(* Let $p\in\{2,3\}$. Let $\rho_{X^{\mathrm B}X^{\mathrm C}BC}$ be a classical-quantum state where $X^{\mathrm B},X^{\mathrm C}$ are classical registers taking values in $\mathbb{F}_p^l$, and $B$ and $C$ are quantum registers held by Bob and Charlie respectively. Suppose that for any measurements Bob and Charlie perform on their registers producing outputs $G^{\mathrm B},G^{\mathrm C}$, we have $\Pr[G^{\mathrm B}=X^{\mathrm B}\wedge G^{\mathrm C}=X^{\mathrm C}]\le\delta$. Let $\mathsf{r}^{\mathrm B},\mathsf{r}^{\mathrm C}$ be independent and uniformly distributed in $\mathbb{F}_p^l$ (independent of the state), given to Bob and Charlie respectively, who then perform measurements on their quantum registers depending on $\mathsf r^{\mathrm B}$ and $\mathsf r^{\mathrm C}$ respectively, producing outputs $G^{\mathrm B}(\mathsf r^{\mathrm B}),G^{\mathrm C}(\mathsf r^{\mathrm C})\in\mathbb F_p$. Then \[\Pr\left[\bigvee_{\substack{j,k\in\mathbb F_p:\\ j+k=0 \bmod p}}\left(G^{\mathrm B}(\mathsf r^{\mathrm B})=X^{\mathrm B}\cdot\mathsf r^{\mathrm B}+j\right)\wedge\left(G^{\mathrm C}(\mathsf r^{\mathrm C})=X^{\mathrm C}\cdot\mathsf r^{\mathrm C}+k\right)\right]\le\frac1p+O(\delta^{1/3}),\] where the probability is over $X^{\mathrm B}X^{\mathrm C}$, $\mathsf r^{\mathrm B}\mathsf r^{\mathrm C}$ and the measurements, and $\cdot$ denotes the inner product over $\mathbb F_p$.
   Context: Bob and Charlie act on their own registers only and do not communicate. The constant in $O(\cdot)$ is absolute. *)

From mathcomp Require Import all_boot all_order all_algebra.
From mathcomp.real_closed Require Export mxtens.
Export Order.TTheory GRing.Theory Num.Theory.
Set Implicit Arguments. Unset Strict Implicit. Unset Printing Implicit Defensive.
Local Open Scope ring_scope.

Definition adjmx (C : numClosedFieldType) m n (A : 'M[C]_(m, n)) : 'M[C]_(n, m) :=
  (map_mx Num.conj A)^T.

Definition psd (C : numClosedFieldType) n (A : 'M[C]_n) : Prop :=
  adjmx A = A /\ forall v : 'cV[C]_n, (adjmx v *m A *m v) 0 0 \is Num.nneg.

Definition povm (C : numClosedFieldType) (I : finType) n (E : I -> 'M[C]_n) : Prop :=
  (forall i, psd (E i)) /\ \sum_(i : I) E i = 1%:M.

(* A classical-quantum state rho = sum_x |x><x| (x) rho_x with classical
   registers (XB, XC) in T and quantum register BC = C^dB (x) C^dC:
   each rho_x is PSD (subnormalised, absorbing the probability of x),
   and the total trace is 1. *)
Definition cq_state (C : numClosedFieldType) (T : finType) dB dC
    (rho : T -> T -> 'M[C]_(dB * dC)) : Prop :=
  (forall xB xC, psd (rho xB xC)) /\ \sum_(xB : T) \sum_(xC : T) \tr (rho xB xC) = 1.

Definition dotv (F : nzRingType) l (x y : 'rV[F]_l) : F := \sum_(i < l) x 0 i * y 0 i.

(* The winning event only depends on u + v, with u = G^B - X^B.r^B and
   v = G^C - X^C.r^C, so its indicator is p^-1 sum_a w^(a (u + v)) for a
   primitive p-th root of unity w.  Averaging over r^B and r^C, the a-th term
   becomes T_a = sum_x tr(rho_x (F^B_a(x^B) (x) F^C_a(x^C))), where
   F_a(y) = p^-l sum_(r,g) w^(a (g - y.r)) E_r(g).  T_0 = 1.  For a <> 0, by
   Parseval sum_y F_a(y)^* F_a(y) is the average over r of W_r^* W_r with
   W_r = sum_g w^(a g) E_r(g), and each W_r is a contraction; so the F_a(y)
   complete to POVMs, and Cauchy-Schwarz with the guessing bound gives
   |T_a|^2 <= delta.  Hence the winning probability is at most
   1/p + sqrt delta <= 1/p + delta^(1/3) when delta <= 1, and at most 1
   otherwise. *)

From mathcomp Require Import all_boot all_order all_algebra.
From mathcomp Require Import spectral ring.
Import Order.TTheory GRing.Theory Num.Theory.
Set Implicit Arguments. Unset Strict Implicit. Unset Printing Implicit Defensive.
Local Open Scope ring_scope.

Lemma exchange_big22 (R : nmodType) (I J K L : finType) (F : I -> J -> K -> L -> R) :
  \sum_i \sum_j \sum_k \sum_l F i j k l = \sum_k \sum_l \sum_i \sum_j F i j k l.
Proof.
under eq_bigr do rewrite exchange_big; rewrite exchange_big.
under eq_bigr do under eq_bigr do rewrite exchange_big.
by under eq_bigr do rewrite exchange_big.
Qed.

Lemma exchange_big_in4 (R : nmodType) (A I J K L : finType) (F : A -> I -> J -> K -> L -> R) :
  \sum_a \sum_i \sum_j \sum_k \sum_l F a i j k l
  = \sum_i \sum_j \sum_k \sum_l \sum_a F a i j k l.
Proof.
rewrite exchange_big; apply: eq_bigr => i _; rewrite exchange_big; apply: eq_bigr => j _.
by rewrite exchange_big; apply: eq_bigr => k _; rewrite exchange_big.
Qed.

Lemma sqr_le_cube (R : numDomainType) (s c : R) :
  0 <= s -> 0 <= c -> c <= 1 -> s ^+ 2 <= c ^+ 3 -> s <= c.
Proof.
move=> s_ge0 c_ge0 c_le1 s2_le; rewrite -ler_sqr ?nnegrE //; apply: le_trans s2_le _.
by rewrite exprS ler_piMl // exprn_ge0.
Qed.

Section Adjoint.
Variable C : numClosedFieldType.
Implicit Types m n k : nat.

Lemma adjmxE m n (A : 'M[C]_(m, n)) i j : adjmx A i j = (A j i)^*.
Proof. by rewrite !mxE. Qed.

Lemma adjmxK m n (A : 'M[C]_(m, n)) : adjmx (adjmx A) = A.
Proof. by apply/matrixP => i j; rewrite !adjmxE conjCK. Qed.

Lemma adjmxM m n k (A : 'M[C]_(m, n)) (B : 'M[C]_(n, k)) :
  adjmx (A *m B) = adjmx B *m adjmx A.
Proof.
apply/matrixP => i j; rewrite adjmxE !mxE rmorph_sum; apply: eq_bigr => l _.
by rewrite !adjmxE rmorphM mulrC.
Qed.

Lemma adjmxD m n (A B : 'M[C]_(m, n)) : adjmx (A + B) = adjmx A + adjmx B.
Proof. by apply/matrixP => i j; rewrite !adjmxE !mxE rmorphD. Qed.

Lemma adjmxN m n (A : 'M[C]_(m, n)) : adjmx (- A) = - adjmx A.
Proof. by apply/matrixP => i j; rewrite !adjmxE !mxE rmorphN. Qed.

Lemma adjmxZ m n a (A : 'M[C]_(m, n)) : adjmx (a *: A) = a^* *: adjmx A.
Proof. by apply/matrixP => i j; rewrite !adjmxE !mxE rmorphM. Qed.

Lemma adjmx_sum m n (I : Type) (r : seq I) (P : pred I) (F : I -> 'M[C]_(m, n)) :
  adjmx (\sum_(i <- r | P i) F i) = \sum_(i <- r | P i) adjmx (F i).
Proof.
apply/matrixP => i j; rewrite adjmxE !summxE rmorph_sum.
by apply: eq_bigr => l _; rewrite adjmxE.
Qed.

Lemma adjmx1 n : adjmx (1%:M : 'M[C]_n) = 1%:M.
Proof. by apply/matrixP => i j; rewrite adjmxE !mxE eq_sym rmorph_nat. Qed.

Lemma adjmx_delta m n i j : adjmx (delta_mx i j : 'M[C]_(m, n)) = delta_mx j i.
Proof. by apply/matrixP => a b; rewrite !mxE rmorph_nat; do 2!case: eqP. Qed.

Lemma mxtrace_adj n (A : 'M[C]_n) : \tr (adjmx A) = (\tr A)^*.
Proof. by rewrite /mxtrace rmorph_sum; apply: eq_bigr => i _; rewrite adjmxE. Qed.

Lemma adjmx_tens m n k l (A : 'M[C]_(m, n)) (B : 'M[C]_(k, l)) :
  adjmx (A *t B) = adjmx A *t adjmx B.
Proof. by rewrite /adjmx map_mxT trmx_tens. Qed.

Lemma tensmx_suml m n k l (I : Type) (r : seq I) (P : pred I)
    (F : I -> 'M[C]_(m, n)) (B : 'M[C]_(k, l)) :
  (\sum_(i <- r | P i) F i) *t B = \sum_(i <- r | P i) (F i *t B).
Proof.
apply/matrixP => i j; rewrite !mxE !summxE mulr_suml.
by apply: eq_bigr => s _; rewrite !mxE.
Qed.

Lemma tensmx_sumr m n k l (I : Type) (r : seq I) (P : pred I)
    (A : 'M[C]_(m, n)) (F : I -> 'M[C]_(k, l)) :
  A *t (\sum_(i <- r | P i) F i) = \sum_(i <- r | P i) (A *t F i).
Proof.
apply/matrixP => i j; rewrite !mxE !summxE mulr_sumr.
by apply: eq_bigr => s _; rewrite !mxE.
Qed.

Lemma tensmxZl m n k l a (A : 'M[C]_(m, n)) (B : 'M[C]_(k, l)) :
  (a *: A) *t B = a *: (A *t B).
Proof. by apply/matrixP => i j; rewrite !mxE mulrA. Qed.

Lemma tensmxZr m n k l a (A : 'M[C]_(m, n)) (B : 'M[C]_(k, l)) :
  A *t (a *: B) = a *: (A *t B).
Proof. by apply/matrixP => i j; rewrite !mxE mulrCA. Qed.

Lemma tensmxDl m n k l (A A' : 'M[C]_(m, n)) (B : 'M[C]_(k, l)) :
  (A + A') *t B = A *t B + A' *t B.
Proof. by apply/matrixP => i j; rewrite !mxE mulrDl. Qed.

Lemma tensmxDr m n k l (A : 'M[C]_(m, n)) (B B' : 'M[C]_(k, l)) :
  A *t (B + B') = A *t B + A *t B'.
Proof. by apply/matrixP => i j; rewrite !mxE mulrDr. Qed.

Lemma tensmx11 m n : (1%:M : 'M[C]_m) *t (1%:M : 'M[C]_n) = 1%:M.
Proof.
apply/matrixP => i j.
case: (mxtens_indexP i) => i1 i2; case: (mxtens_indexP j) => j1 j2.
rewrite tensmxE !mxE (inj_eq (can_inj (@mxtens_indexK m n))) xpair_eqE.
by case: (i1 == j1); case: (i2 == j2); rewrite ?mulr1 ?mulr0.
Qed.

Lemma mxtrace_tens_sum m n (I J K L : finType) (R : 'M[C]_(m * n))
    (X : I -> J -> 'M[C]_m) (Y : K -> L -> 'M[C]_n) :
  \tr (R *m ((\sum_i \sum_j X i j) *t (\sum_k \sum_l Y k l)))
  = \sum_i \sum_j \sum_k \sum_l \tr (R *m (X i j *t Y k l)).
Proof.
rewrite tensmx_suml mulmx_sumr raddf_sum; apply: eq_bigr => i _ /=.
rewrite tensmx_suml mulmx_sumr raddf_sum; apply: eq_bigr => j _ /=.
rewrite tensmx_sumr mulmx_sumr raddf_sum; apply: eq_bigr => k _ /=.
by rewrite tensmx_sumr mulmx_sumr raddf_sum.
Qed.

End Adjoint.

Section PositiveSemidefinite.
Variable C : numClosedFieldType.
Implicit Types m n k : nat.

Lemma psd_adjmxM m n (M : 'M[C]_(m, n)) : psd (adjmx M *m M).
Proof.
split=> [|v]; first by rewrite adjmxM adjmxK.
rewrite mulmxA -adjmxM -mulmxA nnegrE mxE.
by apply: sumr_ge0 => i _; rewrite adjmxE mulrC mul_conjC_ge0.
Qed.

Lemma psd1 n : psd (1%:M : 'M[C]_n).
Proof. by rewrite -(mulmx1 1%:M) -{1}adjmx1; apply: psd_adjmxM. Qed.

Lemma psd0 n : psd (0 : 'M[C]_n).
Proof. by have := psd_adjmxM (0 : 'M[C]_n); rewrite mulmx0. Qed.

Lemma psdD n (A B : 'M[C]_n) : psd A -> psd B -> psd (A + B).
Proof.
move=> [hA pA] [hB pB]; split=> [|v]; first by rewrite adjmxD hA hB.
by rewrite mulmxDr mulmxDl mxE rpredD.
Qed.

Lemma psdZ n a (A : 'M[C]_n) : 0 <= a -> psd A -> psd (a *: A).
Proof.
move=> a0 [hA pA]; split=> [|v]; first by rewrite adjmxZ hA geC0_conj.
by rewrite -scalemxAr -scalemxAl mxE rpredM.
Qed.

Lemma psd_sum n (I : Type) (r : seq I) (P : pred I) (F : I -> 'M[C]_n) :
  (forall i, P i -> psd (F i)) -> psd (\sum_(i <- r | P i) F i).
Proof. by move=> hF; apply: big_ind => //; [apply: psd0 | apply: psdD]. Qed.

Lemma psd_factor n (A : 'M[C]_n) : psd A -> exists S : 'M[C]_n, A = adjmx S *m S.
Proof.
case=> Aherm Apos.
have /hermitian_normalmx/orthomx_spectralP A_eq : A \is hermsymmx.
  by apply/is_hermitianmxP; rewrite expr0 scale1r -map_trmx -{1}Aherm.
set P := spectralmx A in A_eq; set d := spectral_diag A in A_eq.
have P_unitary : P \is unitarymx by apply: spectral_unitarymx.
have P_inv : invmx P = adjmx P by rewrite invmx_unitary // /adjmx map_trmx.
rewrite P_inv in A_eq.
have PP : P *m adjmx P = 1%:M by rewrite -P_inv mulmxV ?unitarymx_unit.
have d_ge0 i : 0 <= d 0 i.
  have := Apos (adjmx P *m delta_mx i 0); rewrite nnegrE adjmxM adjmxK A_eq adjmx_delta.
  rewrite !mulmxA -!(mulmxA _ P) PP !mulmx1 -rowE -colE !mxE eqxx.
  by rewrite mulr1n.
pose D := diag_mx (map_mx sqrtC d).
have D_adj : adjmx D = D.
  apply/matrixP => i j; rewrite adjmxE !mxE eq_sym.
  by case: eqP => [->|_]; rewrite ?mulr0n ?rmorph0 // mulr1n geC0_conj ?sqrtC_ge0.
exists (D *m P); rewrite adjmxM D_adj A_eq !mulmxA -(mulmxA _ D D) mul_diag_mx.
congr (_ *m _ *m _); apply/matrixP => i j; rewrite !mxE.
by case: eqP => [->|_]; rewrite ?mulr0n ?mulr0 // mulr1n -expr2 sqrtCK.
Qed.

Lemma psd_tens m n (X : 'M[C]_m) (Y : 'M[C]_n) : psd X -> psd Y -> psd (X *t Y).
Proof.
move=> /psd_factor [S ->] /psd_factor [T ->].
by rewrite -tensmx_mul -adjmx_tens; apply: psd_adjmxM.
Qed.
---
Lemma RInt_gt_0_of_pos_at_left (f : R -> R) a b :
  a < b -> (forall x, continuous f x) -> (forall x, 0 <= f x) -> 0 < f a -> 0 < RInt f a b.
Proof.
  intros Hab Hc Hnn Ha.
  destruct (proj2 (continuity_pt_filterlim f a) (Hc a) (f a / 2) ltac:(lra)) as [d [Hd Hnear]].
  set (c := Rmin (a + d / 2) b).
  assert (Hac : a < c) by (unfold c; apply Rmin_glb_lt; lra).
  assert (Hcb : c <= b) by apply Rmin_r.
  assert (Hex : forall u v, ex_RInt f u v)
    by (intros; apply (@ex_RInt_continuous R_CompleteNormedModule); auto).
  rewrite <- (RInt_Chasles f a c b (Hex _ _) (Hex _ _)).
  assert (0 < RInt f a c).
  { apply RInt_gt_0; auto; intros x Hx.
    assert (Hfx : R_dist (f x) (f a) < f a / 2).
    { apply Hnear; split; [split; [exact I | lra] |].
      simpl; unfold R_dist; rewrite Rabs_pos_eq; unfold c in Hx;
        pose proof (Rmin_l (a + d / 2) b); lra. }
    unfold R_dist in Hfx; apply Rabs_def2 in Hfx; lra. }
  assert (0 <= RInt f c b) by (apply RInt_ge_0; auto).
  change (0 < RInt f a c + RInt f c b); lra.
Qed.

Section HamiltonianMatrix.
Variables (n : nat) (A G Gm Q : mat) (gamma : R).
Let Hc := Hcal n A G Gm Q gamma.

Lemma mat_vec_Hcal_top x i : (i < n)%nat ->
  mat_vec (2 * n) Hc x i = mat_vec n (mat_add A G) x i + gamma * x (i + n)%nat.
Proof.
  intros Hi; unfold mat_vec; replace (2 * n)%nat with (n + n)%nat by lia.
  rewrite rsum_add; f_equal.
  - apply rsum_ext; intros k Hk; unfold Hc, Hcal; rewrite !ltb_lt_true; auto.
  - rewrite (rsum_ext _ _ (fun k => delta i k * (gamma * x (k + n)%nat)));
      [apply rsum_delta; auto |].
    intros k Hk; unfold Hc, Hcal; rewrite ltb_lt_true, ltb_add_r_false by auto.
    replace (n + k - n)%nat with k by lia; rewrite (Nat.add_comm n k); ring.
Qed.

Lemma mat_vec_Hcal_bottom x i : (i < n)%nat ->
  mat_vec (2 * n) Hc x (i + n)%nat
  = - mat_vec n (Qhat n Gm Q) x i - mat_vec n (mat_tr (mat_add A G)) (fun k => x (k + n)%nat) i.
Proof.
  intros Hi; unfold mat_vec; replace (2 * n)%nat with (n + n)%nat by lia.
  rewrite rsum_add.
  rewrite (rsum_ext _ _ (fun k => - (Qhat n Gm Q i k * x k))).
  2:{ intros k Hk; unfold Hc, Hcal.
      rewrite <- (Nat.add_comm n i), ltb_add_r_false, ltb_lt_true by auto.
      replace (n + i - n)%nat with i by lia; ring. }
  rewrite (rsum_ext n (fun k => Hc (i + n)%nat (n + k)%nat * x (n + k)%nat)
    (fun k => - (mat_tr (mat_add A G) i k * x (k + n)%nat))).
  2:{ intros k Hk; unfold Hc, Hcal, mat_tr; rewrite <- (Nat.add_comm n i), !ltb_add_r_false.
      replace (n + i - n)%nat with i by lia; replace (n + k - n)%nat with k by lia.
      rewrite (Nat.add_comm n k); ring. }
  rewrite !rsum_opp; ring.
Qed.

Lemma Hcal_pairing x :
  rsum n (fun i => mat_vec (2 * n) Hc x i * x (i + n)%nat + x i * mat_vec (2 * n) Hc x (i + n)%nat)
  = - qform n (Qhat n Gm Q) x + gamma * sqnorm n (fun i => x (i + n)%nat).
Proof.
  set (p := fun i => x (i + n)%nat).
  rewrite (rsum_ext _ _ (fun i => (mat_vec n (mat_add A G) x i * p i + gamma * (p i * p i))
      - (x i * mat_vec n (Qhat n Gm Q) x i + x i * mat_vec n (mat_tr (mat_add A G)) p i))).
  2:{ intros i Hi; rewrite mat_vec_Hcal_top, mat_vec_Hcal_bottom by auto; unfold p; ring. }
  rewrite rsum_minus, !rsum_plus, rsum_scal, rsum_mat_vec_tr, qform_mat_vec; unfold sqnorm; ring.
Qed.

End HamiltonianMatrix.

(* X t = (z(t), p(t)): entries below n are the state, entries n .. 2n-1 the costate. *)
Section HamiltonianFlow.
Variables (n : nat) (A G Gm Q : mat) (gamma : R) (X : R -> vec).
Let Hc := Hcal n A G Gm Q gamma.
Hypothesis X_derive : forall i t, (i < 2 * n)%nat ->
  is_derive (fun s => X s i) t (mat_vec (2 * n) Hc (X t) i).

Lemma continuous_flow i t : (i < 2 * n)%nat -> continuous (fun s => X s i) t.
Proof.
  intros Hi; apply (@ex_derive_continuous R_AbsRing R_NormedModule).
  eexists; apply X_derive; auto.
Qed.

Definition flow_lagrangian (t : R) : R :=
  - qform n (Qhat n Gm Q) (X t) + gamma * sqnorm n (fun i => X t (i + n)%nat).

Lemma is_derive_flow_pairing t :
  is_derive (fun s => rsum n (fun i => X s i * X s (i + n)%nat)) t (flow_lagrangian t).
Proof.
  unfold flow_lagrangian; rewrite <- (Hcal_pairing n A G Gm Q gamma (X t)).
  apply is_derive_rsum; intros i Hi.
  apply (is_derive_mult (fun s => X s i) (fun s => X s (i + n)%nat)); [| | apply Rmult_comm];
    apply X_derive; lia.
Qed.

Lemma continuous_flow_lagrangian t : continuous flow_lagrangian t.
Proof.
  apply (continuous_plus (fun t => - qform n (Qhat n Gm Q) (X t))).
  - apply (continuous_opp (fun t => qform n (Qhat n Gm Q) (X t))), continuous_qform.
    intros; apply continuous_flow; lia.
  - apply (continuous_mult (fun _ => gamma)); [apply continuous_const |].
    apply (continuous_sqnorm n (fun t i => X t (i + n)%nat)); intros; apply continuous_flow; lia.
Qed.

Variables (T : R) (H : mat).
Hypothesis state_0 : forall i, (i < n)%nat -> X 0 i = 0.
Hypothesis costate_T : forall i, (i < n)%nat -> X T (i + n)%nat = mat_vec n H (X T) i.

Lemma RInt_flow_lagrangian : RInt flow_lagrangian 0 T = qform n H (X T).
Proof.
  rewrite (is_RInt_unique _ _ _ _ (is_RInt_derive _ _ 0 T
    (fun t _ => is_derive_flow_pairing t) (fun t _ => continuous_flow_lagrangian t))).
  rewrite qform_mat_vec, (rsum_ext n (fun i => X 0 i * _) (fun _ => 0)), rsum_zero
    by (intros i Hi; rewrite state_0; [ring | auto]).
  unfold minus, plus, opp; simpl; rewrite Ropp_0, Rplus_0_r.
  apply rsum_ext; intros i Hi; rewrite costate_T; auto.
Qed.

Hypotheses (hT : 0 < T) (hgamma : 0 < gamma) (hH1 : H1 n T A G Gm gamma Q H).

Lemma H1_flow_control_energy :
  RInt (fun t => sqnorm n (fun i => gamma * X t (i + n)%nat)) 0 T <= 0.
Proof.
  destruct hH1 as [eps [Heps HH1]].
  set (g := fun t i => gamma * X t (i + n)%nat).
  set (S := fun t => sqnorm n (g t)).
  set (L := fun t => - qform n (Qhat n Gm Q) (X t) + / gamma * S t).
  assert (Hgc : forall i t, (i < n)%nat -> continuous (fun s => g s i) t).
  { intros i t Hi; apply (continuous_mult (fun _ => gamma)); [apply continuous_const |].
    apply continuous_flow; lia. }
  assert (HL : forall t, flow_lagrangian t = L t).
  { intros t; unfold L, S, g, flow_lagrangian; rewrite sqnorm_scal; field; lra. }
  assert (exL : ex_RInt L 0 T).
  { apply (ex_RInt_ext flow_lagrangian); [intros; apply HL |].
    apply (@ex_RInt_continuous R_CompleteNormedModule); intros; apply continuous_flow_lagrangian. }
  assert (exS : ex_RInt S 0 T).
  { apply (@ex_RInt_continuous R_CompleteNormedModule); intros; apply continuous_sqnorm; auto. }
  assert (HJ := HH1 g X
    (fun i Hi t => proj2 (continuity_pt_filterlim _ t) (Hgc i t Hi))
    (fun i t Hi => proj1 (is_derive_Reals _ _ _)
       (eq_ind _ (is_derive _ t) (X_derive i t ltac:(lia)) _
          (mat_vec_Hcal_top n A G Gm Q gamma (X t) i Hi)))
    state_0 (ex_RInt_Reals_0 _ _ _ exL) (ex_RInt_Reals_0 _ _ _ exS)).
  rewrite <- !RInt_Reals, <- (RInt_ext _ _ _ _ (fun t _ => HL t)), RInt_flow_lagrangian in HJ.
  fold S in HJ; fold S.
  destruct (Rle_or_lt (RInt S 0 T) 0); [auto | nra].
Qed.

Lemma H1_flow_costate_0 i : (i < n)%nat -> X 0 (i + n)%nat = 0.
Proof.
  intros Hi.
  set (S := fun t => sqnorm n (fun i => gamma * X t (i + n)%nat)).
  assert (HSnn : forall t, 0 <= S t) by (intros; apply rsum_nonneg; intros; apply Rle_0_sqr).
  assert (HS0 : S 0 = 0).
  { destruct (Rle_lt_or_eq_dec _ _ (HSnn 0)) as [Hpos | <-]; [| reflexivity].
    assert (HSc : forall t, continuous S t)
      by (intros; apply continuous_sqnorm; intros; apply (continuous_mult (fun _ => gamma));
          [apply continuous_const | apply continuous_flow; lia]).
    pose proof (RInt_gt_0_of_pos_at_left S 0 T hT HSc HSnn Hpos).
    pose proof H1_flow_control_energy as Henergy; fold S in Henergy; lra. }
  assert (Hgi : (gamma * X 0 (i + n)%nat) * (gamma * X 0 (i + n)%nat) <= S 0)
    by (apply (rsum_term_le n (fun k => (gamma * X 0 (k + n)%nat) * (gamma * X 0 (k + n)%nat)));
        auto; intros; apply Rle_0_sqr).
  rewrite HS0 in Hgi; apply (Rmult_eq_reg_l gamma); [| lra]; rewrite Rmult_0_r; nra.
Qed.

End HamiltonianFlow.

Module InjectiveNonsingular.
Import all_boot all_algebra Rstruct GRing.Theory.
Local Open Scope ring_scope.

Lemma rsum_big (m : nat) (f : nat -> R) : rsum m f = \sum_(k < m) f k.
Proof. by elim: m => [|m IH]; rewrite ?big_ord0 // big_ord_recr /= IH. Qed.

### YOUR GOAL
Only one stretch of the data above is needed. Restate it word for word, from the line containing "apply/matrixP => i j; rewrite adjmxE !mxE rmorph_sum;" through the line containing "Lemma adjmxZ m", both ends included.

### RESPONSE TO THIS TASK
apply/matrixP => i j; rewrite adjmxE !mxE rmorph_sum; apply: eq_bigr => l _.
by rewrite !adjmxE rmorphM mulrC.
Qed.

Lemma adjmxD m n (A B : 'M[C]_(m, n)) : adjmx (A + B) = adjmx A + adjmx B.
Proof. by apply/matrixP => i j; rewrite !adjmxE !mxE rmorphD. Qed.

Lemma adjmxN m n (A : 'M[C]_(m, n)) : adjmx (- A) = - adjmx A.
Proof. by apply/matrixP => i j; rewrite !adjmxE !mxE rmorphN. Qed.

Lemma adjmxZ m n a (A : 'M[C]_(m, n)) : adjmx (a *: A) = a^* *: adjmx A.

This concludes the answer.